Sketch a service-oriented architecture with clear separation of concerns. A Search Service backed by Elasticsearch handles geo and text queries, returning restaurant metadata and availability summaries. A Booking Service owns the transactional workflow, interacting with PostgreSQL to check precise slot availability and create reservations. An Availability Service maintains per-slot inventory counts and publishes change events. A Notification Service handles confirmations, reminders, and cancellation emails. Place Redis in front of hot paths for caching search results and managing short-lived holds during checkout. Use a message queue (Kafka) to decouple inventory updates from search reindexing, ensuring eventual consistency without blocking booking transactions.

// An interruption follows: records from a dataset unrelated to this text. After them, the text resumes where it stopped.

Lemma extension_graph_grow : exists2 H, G `<` H & extension_graph H.
Proof.
have GH : G `<=` H by move=> [y b] Gy; exists y, b, 0; rewrite scale0r mul0r !addr0.
exists H; last split.
- split => // HG; apply: (z_notin (a := c)); apply: HG.
  by exists 0, 0, 1; rewrite scale1r mul1r !add0r; split => //; apply: extension_graph0.
- exact: H_functional.
- exact: H_lin.
- exact: H_le_p.
- by case: hG => _ _ _ ext x Mx; apply: GH; apply: ext.
Qed.

End ExtensionGraph.

(* [Zorn_bigcup] also takes the union of the empty chain. *)
Definition empty_or_extension_graph G := G = set0 \/ extension_graph G.

Lemma extension_graph_bigcup (F : set (set (V * R))) :
  F `<=` empty_or_extension_graph -> total_on F subset ->
  empty_or_extension_graph (\bigcup_(G in F) G).
Proof.
move=> FP Ftot.
have [F0|/existsNP[G0 /not_implyP[FG0 G0_neq0]]] := pselect (forall G, F G -> G = set0).
  by left; apply/seteqP; split => q // [G FG]; rewrite (F0 G FG).
have graphP G q : F G -> G q -> extension_graph G by move=> /FP[-> []|].
have G0_graph : extension_graph G0 by case: (FP _ FG0) => // /G0_neq0.
right; split.
- move=> x a b [G1 F1 G1x] [G2 F2 G2x].
  have [G12|G21] := Ftot _ _ F1 F2.
    by case: (graphP _ _ F2 G2x) => fG2 _ _ _; apply: (fG2 x) => //; apply: G12.
  by case: (graphP _ _ F1 G1x) => fG1 _ _ _; apply: (fG1 x) => //; apply: G21.
- move=> r x y a b [G1 F1 G1x] [G2 F2 G2y].
  have [G12|G21] := Ftot _ _ F1 F2.
    by exists G2 => //; case: (graphP _ _ F2 G2y) => _ lin _ _; apply: lin => //; apply: G12.
  by exists G1 => //; case: (graphP _ _ F1 G1x) => _ lin _ _; apply: lin => //; apply: G21.
- by move=> x a [G F1 Gx]; case: (graphP _ _ F1 Gx) => _ _ + _; apply.
- by move=> x Mx; exists G0 => //; case: G0_graph => _ _ _; apply.
Qed.

Theorem hahn_banach : exists U : V -> R,
  [/\ forall r x y, U (r *: x + y) = r * U x + U y,
      forall x, U x <= p x &
      forall x, M x -> U x = u x].
Proof.
have [G [[G0|hG] Gmax]] := Zorn_bigcup extension_graph_bigcup.
  have u_graph : extension_graph [set q | M q.1 /\ q.2 = u q.1].
    split => [x a b [_ /= ->] [_ /= ->] //|r x y a b [/= Mx ->] [/= My ->]||//].
      by split; [apply: M_lin | rewrite /= u_lin].
    by move=> x a [/= Mx ->]; apply: u_le_p.
  exfalso; apply: (Gmax _ _ (or_intror u_graph)); rewrite G0; split => //.
  by move=> /(_ (0, u 0) (conj M0 erefl)).
have Gtot x : exists a, G (x, a).
  apply/not_existsP => x_notin.
  by have [H GH hH] := extension_graph_grow hG x_notin; apply: (Gmax H GH); right.
pose U x := xget 0 [set a | G (x, a)].
have GU x : G (x, U x) by apply: xgetPex (Gtot x).
case: hG => fG lin le ext; exists U; split.
- by move=> r x y; apply: (fG (r *: x + y)) => //; apply: lin.
- by move=> x; apply: le.
- by move=> x Mx; apply: (fG x) => //; apply: ext.
Qed.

Walk through the core booking transaction in detail. When a user selects a restaurant, date, time, and party size, the Booking Service starts a database transaction. It queries the availability table: SELECT available_count FROM slots WHERE restaurant_id = ? AND date = ? AND time_slot = ? AND table_group_id = ? FOR UPDATE. If a suitable table group has capacity, it decrements the count and inserts a reservation row with a CONFIRMED status and generated confirmation code. The service then sends a confirmation event to Kafka for the Notification Service. Discuss how FOR UPDATE row locks prevent concurrent transactions from double-booking, and how the composite index ensures the query completes in milliseconds. For the hold pattern, explain how Redis stores a hold with a 5-minute TTL, converting to a confirmed reservation only after user completes the flow.

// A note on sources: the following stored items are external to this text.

From mathcomp Require Import all_boot zify.
Set Implicit Arguments. Unset Strict Implicit. Unset Printing Implicit Defensive.

(* Colour the vertices of B greedily, the root first and a hidden vertex y last, each from
   its list minus the colours of its neighbours outside B, using distinct colours and avoiding
   the set S of full colours of the given colouring whenever possible. A non-root vertex of a
   bug has degree at most 2 and a neighbour in B, so it loses at most one colour to the outside;
   y loses none and the root loses fewer than |B|. Hence either no vertex of B receives a colour
   of S, or at least k - |S| vertices of B avoid S. With n the number of vertices outside B,
   q = ceil(n/k) and m = n mod* k, adding |B| <= k vertices in distinct colours keeps the
   colouring strongly equitable:
   if m + |B| <= k the ceiling stays q and the full classes are among S and the |B| new colours;
   otherwise the ceiling becomes q + 1 and only colours of S used on B are full, at most
   |B| - (k - |S|) <= m + |B| - k of them. *)

Lemma ceil_div_modstar_eq k q m n : 0 < k -> 0 < q -> 0 < m <= k ->
  n = q.-1 * k + m -> ceil_div n k = q /\ modstar n k = m.
Proof.
move=> k_gt0 q_gt0 /andP[m_gt0 m_le_k] ->; split.
  rewrite /ceil_div; have -> : q.-1 * k + m + k.-1 = q * k + m.-1.
    by rewrite -[in RHS](prednK q_gt0) mulSn; lia.
  by rewrite divnMDl // divn_small ?addn0 //; lia.
rewrite /modstar modnMDl; have [m_lt_k | m_ge_k] := ltnP m k.
  by rewrite modn_small // (negbTE (lt0n_neq0 m_gt0)).
have -> : m = k by lia.
by rewrite modnn.
Qed.

Lemma ceil_div_modstar_decomp k n : 0 < k -> 0 < n ->
  [/\ n = (ceil_div n k).-1 * k + modstar n k, 0 < modstar n k <= k & 0 < ceil_div n k].
Proof.
move=> k_gt0 n_gt0.
suff [q [m [q_gt0 m_bnd def_n]]] : exists q m, [/\ 0 < q, 0 < m <= k & n = q.-1 * k + m].
  by have [-> ->] := ceil_div_modstar_eq k_gt0 q_gt0 m_bnd def_n.
have def_n := divn_eq n k; have lt_mod := ltn_pmod n k_gt0.
have [mod0 | mod_gt0] := posnP (n %% k).
  exists (n %/ k), k; rewrite mod0 addn0 in def_n.
  have q_gt0 : 0 < n %/ k by move: def_n; case: (n %/ k) => //; lia.
  split; rewrite ?k_gt0 ?leqnn //.
  by rewrite {1}def_n -[in LHS](prednK q_gt0) mulSn addnC.
by exists (n %/ k).+1, (n %% k); split; rewrite // mod_gt0 ltnW.
Qed.

Lemma exists_fresh_colour (C : finType) (A U S : {set C}) : #|U| < #|A| ->
  exists2 c, c \in A :\: U & (c \in S -> A :\: S \subset U).
Proof.
move=> ltUA; case: (set0Pn (A :\: U :\: S)) => [[c] | noAUS].
  by rewrite !inE => /and3P[cS cU cA]; exists c; rewrite ?inE ?cU ?cA // (negbTE cS).
have /set0Pn[c cAU] : A :\: U != set0.
  by rewrite -card_gt0 cardsD; have := subset_leq_card (subsetIr A U); lia.
exists c => // _; apply/subsetP => z; rewrite inE => /andP[zS zA].
by apply/negPn/negP => zU; apply: noAUS; exists z; rewrite !inE zS zU zA.
Qed.

Definition before (T : finType) (s : seq T) (v : T) : {set T} :=
  [set x in s | index x s < index v s].

Section Before.
Variables (T : finType) (s : seq T) (v : T).
Hypothesis v_notin_s : v \notin s.

Lemma before_rcons w : w \in s -> before (rcons s v) w = before s w.
Proof.
move=> ws; apply/setP => x; rewrite !inE mem_rcons in_cons -!cats1 !index_cat ws.
have [xs | xNs] := boolP (x \in s); first by rewrite orbT.
rewrite orbF; case: eqP => [xv | _] //=.
by rewrite ltnNge (leq_trans (ltnW _) (leq_addr _ _)) ?index_mem.
Qed.

Lemma before_rcons_last : before (rcons s v) v = [set x in s].
Proof.
apply/setP => x; rewrite !inE mem_rcons in_cons -!cats1 !index_cat (negbTE v_notin_s).
rewrite /= eqxx addn0; have [xs | xNs] := boolP (x \in s); first by rewrite orbT index_mem.
by rewrite orbF ltnNge leq_addr andbF.
Qed.

End Before.

Lemma greedy_distinct_choice (T C : finType) (A : T -> {set C}) (S : {set C})
    (g0 : T -> C) (s : seq T) :
  uniq s -> (forall v, v \in s -> index v s < #|A v|) ->
  exists g : T -> C, [/\ {in s, forall v, g v \in A v}, {in s &, injective g} &
    {in s, forall v, g v \in S ->
       A v :\: S \subset g @: [set x in before s v | g x \notin S]}].
Proof.
elim/last_ind: s => [|s v IH]; first by exists g0.
rewrite rcons_uniq => /andP[vNs s_uniq] idx_lt.
have idx_s w : w \in s -> index w (rcons s v) = index w s.
  by move=> ws; rewrite -cats1 index_cat ws.
have idx_v : index v (rcons s v) = size s.
  by rewrite -cats1 index_cat (negbTE vNs) /= eqxx addn0.
have idx_lt_s w : w \in s -> index w s < #|A w|.
  by move=> ws; rewrite -idx_s // idx_lt // mem_rcons in_cons ws orbT.
have [g [gA g_inj g_pref]] := IH s_uniq idx_lt_s.
have used_lt : #|g @: [set x in s]| < #|A v|.
  rewrite (leq_ltn_trans (leq_imset_card _ _)) // cardsE (card_uniqP s_uniq) -idx_v.
  by rewrite idx_lt // mem_rcons mem_head.
have [c /setDP[cA c_fresh] c_pref] := exists_fresh_colour S used_lt.
pose g' x := if x == v then c else g x.
have g'_s : {in s, g' =1 g}.
  by move=> x xs; rewrite /g'; case: eqP => // xv; rewrite -xv xs in vNs.
have g'_v : g' v = c by rewrite /g' eqxx.
have g_used x : x \in s -> g x != c.
  by move=> xs; apply: contraNneq c_fresh => <-; rewrite imset_f ?inE.
exists g'; split.
- move=> w; rewrite mem_rcons in_cons => /predU1P[-> | ws]; first by rewrite g'_v.
  by rewrite g'_s ?gA.
- move=> x y; rewrite !mem_rcons !in_cons.
  case/predU1P=> [-> | xs]; case/predU1P=> [-> | ys] //; rewrite ?g'_v ?g'_s //.
  + by move/esym/eqP; rewrite (negbTE (g_used y ys)).
  + by move/eqP; rewrite (negbTE (g_used x xs)).
  + exact: g_inj.
- move=> w; rewrite mem_rcons in_cons => /predU1P[-> | ws].
    rewrite g'_v before_rcons_last // => /c_pref /subsetP used_all.
    apply/subsetP => z zAS; have [x] := imsetP (used_all z zAS); rewrite inE => xs def_z.
    move: zAS; rewrite inE def_z -g'_s // => /andP[g'xS _].
    by rewrite imset_f // !inE xs g'xS.
  rewrite g'_s // before_rcons //.
  have -> : [set x in before s w | g' x \notin S] = [set x in before s w | g x \notin S].
    by apply/setP => x; rewrite !inE; case: (boolP (x \in s)) => //= xs; rewrite g'_s.
  rewrite (eq_in_imset (g := g)); first exact: g_pref.
  by move=> x; rewrite !inE => /andP[/andP[xs _] _]; rewrite g'_s.
Qed.

Lemma exists_enum_first_last (T : finType) (A : {set T}) x y : x \in A -> y \in A ->
  exists s : seq T, [/\ uniq s, s =i A,
    {in A, forall z, z != y -> index z s < index y s} & x != y -> index x s = 0].
Proof.
move=> xA yA; pose s1 := [seq z <- x :: enum (A :\ x) | z != y].
have mem_s1 z : (z \in s1) = (z \in A) && (z != y).
  rewrite mem_filter in_cons mem_enum !inE andbC; case: eqP => [-> | _] //=.
  by rewrite xA.
have idx_y : index y (rcons s1 y) = size s1.
  by rewrite -cats1 index_cat mem_s1 eqxx andbF /= eqxx addn0.
exists (rcons s1 y); split.
- rewrite rcons_uniq mem_s1 eqxx andbF /=; apply: filter_uniq.
  by rewrite /= mem_enum !inE eqxx enum_uniq.
- by move=> z; rewrite mem_rcons in_cons mem_s1; case: eqP => [-> | _] //=; rewrite andbT.
- move=> z zA zy; rewrite idx_y -cats1 index_cat.
  have zs1 : z \in s1 by rewrite mem_s1 zA.
  by rewrite zs1 index_mem.
- by move=> xy; rewrite /s1 /= xy /= eqxx.
Qed.

Section EquitableCounts.
Variables (T C : finType) (k : nat).

Definition colour_class (U : {set T}) (f : T -> C) (c : C) : {set T} :=
  [set v in U | f v == c].

Definition full_colours (U : {set T}) (f : T -> C) : {set C} :=
  [set c | #|colour_class U f c| == ceil_div #|U| k].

Cover remaining non-functional requirements. For scalability, partition the slots table by date to keep active queries fast and archive historical data. Use read replicas for search-related availability queries that tolerate slight lag. For reliability, implement idempotency tokens on booking requests so retries from client timeouts do not create duplicate reservations. Use circuit breakers around notification service calls to avoid blocking the booking path. For latency, explain how caching popular restaurant searches in Redis with 2-minute TTLs reduces Elasticsearch load, and how precomputing availability summaries avoids aggregation queries. For consistency, describe how booking events publish to Kafka and a consumer updates the Elasticsearch index, accepting eventual consistency in search while guaranteeing strong consistency in the booking path. Finally, touch on observability: track booking success rates, hold conversion rates, search latency percentiles, and contention metrics to tune under load.
"User should be able to book a restaurant by selecting filter like a day, approximate time, no of people. In return, there are no of slot listed before and after to the given time slots."
"Design a system to make restaurant reservations. Users should be able to search for a restaurant based on name/cuisine/location, make single/group reservations. By default, we need to show all the restaurants within 30 miles of users location."
"Design a restaurant booking service users can reserve, edit and delete booking."